In 1960, John Tukey24 challenged the conventional wisdom in parametric estimation by asking a simple question: Are there provably robust methods to estimate the parameters of a one-dimensional Gaussian? He showed that various estimators that were not asymptotically consistent (and had thus fallen out of favor) outperformed the maximum likelihood estimator when the data is not exactly Gaussian, but instead comes from a distribution that is close to being Gaussian. His paper launched the field of robust statistics15,13 that seeks to design estimators that behave well in a neighborhood around the true model. In one dimension, robust statistics prescribes that it is better to use the empirical median than the empirical mean. Similarly, it is better to use the empirical median absolute deviation (or any number of other estimators based on quantiles) than the empirical standard deviation. See Section 3.1.

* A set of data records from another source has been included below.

(* Let $\lambda\ge 0$ and $\lambda_1,\dots,\lambda_M>0$. Suppose $g_1,\dots,g_M$ are $C^1$ functions on $[0,P)\times[0,\infty)$ (for some $P>0$), and write $t(p,v)=\sum_{\gamma=1}^M g_\gamma(p,v)$. Assume they satisfy: - $\lambda+t(p,v)>0$ on the whole domain; - the system of PDEs $$\frac{\partial g_\rho}{\partial p}(p,v)=\frac{1}{\lambda+t(p,v)}\,\frac{\partial g_\rho}{\partial v}(p,v),\qquad \rho=1,\dots,M;$$ - the initial conditions $g_\rho(0,v)=\big(\tfrac{1}{\lambda_\rho}+v\big)^{-1}$. Then for all $(p,v)$ in the domain and all $\rho$, $$g_\rho(p,v)=\Big(\frac{1}{\lambda_\rho}+v+\frac{p}{\lambda+\sum_{\gamma=1}^M g_\gamma(p,v)}\Big)^{-1}.$$ In particular, $$t(p,v)=\sum_\rho\Big(\tfrac{1}{\lambda_\rho}+v+\tfrac{p}{\lambda+t(p,v)}\Big)^{-1}.$$
   Context: This PDE is the continuous approximation to the dataset-averaged diagonal entries $g_\rho(p,v)=\langle\tilde{\mathbf{G}}(p,v)_{\rho\rho}\rangle$, where $$\tilde{\mathbf{G}}(p,v)=\Big(\tfrac{1}{\lambda}\mathbf{\Phi}\mathbf{\Phi}^\top+\mathbf{\Lambda}^{-1}+v\mathbf{I}\Big)^{-1},$$ $\mathbf{\Phi}$ is the $M\times p$ matrix of kernel eigenfunctions evaluated at $p$ samples, and $\mathbf{\Lambda}={\rm diag}(\lambda_\rho)$. The number of samples $p$ is treated as a continuous variable. *)

From Stdlib Require Import Reals Lra List.
Import ListNotations.
Open Scope R_scope.

Definition in_dom (P p v : R) : Prop := 0 <= p < P /\ 0 <= v.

Although there is an urgent need for provably robust estimators in virtually every application of machine learning, there is a major obstacle to directly applying ideas from robust statistics. The difficulty is that virtually all provably robust estimators are hard to compute in high dimensions. In this work, we are interested in the following family of questions:
QUESTION 1.1. Let D be a family of distributions on Rd. Suppose we are given samples generated from the following process: First, m samples are drawn from some unknown distribution P in D. Then, an adversary is allowed to arbitrarily corrupt an ε-fraction of the samples. Can we efficiently find a distribution P’ in D that is f(ε, d)-close, in total variation distance, to P?
Our most important example is the direct generalization of John Tukey’s challenge24 to higher dimensions: Is there a provably robust algorithm for estimating the parameters of a high-dimensional Gaussian? Without algorithmic considerations, robust statistics already provides prescriptions such as the Tukey median25 and the minimum volume enclosing ellipsoid23 for estimating the high-dimensional mean and covariance, respectively. However, the best-known algorithms for computing these estimates run in time that is exponential in the dimension. In fact, we are not aware of any moderate-sized datasets with dimension larger than six where these estimates have been successfully computed!

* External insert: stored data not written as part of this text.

(* A basic neighbourhood of the identity in the
   pointwise topology is a finite list of constraints "f x_i lies in U_i",
   with U_i open around x_i.

   1. Equicontinuity plus compactness cut G into finitely many cells such that
      g^-1 g' satisfies a given finite list of constraints whenever g, g' lie
      in a common cell (finite_small_partition).
   2. Hence, if every g satisfying the constraints fixed a point th, the map
      g |-> g th would be constant on each cell, so the orbit of th would be
      finite.  By minimality a finite orbit is dense, and finite sets are
      closed, so X would be finite.  Thus every basic neighbourhood contains
      some g moving th (nbhd_moves_point).
   3. For the theorem, pick a in the neighbourhood with a theta <> theta.  If
      a theta' = theta' we look, in the smaller neighbourhood pulled back
      along a that also forces a b theta <> theta, for b with
      b theta' <> theta'; then a b moves both points.  *)

From Stdlib Require Import List Classical FunctionalExtensionality PropExtensionality.
Import ListNotations.

Section Topology.

Context {X : Type} {op : (X -> Prop) -> Prop}.
Hypothesis Htop : is_topology op.

Lemma op_ext (U V : X -> Prop) : op U -> (forall x, U x <-> V x) -> op V.
Proof.
  intros HU E. replace V with U; auto.
  extensionality x. apply propositional_extensionality, E.
Qed.

Lemma open_local (P : X -> Prop) :
  (forall y, P y -> exists W, op W /\ W y /\ forall u, W u -> P u) -> op P.
Proof.
  intros H. destruct Htop as (_ & _ & _ & Hunion).
  apply op_ext with (fun x => exists W, (op W /\ forall u, W u -> P u) /\ W x).
  - apply Hunion. intros W [HW _]; exact HW.
  - intros x; split.
    + intros (W & (_ & HWP) & Wx); auto.
    + intros Px. destruct (H x Px) as (W & HW & Wx & HWP). eauto.
Qed.

Lemma open_inter (U V : X -> Prop) : op U -> op V -> op (fun x => U x /\ V x).
Proof. destruct Htop as (_ & _ & Hinter & _); auto. Qed.

Hypothesis Hhaus : hausdorff op.

Lemma open_neq (z : X) : op (fun y => y <> z).
Proof.
  apply open_local. intros y Hy.
  destruct (Hhaus y z Hy) as (U & V & HU & HV & Uy & Vz & Hdisj).
  exists U; repeat split; auto. intros u Uu E; subst; eauto.
Qed.

Lemma open_notin (L : list X) : op (fun y => ~ In y L).
Proof.
  induction L as [|z L IH].
  - apply op_ext with (fun _ => True); [apply Htop | simpl; tauto].
  - apply op_ext with (fun y => y <> z /\ ~ In y L).
    + apply open_inter; [apply open_neq | exact IH].
    + intros y; simpl; split.
      * intros [H1 H2] [H|H]; [congruence | tauto].
      * intros H; split; intros H'; apply H; auto.
Qed.

Hypothesis Hcomp : compact op.

Lemma regular (x : X) (U : X -> Prop) :
  op U -> U x -> exists A B, op A /\ op B /\ A x /\
    (forall z, A z -> B z -> False) /\ (forall z, ~ U z -> B z).
Proof.
  intros HU Ux.
  (* Cover X by U and by open sets having a neighbourhood of x disjoint from them. *)
  set (F := fun W => W = U \/
    (op W /\ exists A, op A /\ A x /\ forall z, A z -> W z -> False)).
  assert (HFop : forall W, F W -> op W) by (intros W [E|[H _]]; subst; auto).
  destruct (Hcomp F HFop) as (l & Hl & Hcov).
  { intros z. destruct (classic (U z)) as [Uz|Uz].
    - exists U; split; [left|]; auto.
    - assert (E : x <> z) by (intros E; subst; auto).
      destruct (Hhaus x z E) as (A & B & HA & HB & Ax & Bz & D).
      exists B; split; auto. right; split; eauto. }
  (* Intersect the finitely many neighbourhoods of x attached to the subcover. *)
  assert (Hsep : forall l', (forall W, In W l' -> F W) -> exists A, op A /\ A x /\
     forall W, In W l' -> W = U \/ forall z, A z -> W z -> False).
  { induction l' as [|W l' IH]; intros HF.
    - exists (fun _ => True). split; [apply Htop|]. split; [exact I|]. intros W [].
    - destruct IH as (A & HA & Ax & HAl). { intros; apply HF; simpl; auto. }
      destruct (HF W (or_introl eq_refl)) as [E|(_ & A' & HA' & A'x & D)].
      + exists A; repeat split; auto. intros W' [E'|H]; subst; auto.
      + exists (fun z => A z /\ A' z). split; [apply open_inter; auto|]. split; [auto|].
        intros W' [E'|H].
        * subst W'. right. intros z [_ Az'] Wz. eauto.
        * destruct (HAl W' H) as [E'|E']; auto. right; intros z [Az _]; eauto. }
  destruct (Hsep l Hl) as (A & HA & Ax & HAl).
  exists A, (fun z => exists W, In W l /\ (forall z', A z' -> W z' -> False) /\ W z).
  split; auto. split.
  - apply open_local. intros y (W & HW & D & Wy). exists W. repeat split; eauto.
  - split; auto. split.
    + intros z Az (W & _ & D & Wz); eauto.
    + intros z Uz. destruct (Hcov z) as (W & HW & Wz).
      exists W; split; auto. split; auto.
      destruct (HAl W HW) as [E|E]; auto. subst; contradiction.
Qed.

Lemma entourage_into (x : X) (U : X -> Prop) :
  op U -> U x -> exists O, entourage op O /\ forall w y, O (w, x) -> O (w, y) -> U y.
Proof.
  intros HU Ux.
  destruct (regular x U HU Ux) as (A & B & HA & HB & Ax & Hdisj & HUB).
  assert (HAU : forall z, A z -> U z) by (intros z Az; apply NNPP; eauto).
  set (O := fun p : X * X => (A (fst p) /\ A (snd p)) \/
     (U (fst p) /\ fst p <> x /\ U (snd p) /\ snd p <> x) \/ (B (fst p) /\ B (snd p))).
  assert (HUx : op (fun w => U w /\ w <> x)) by (apply open_inter; [exact HU | apply open_neq]).
  exists O. split.
  - exists O. split; [|split; [|auto]].
    + intros p [[H1 H2]|[[H1 [H2 [H3 H4]]]|[H1 H2]]].
      * exists A, A. repeat split; auto. intros a b Ha Hb; left; auto.
      * exists (fun w => U w /\ w <> x), (fun w => U w /\ w <> x).
        repeat split; auto. intros a b [? ?] [? ?]; right; left; simpl; auto.
      * exists B, B. repeat split; auto. intros a b Ha Hb; right; right; auto.
    + intros z. destruct (classic (A z)) as [Az|nA]; [left; auto|].
      destruct (classic (U z)) as [Uz|nU].
      * right; left; simpl. assert (z <> x) by (intros E; subst; auto). auto.
      * right; right; simpl; auto.
  - intros w y [[H1 H2]|[[_ [_ [_ H]]]|[H1 H2]]] H'; simpl in *.
    + destruct H' as [[_ H]|[[_ [_ [H _]]]|[H3 _]]]; simpl in *; eauto.
      exfalso; eauto.
    + congruence.
    + exfalso; eauto.
Qed.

In contrast, there are other techniques that one might try. For example, instead of computing the Tukey median, we could compute the coordinate-wise median. This can obviously be done in polynomial time but encounters a different sort of difficulty: It turns out that by adding corruptions along a direction that is not-axis aligned, an adversary can badly compromise the estimator. Quantitatively, even if an adversary is only allowed to corrupt only an ε-fraction of the samples, they can force the estimator to find a Gaussian that is as far as in ℓ2-distance, implying total variation distance is close to one.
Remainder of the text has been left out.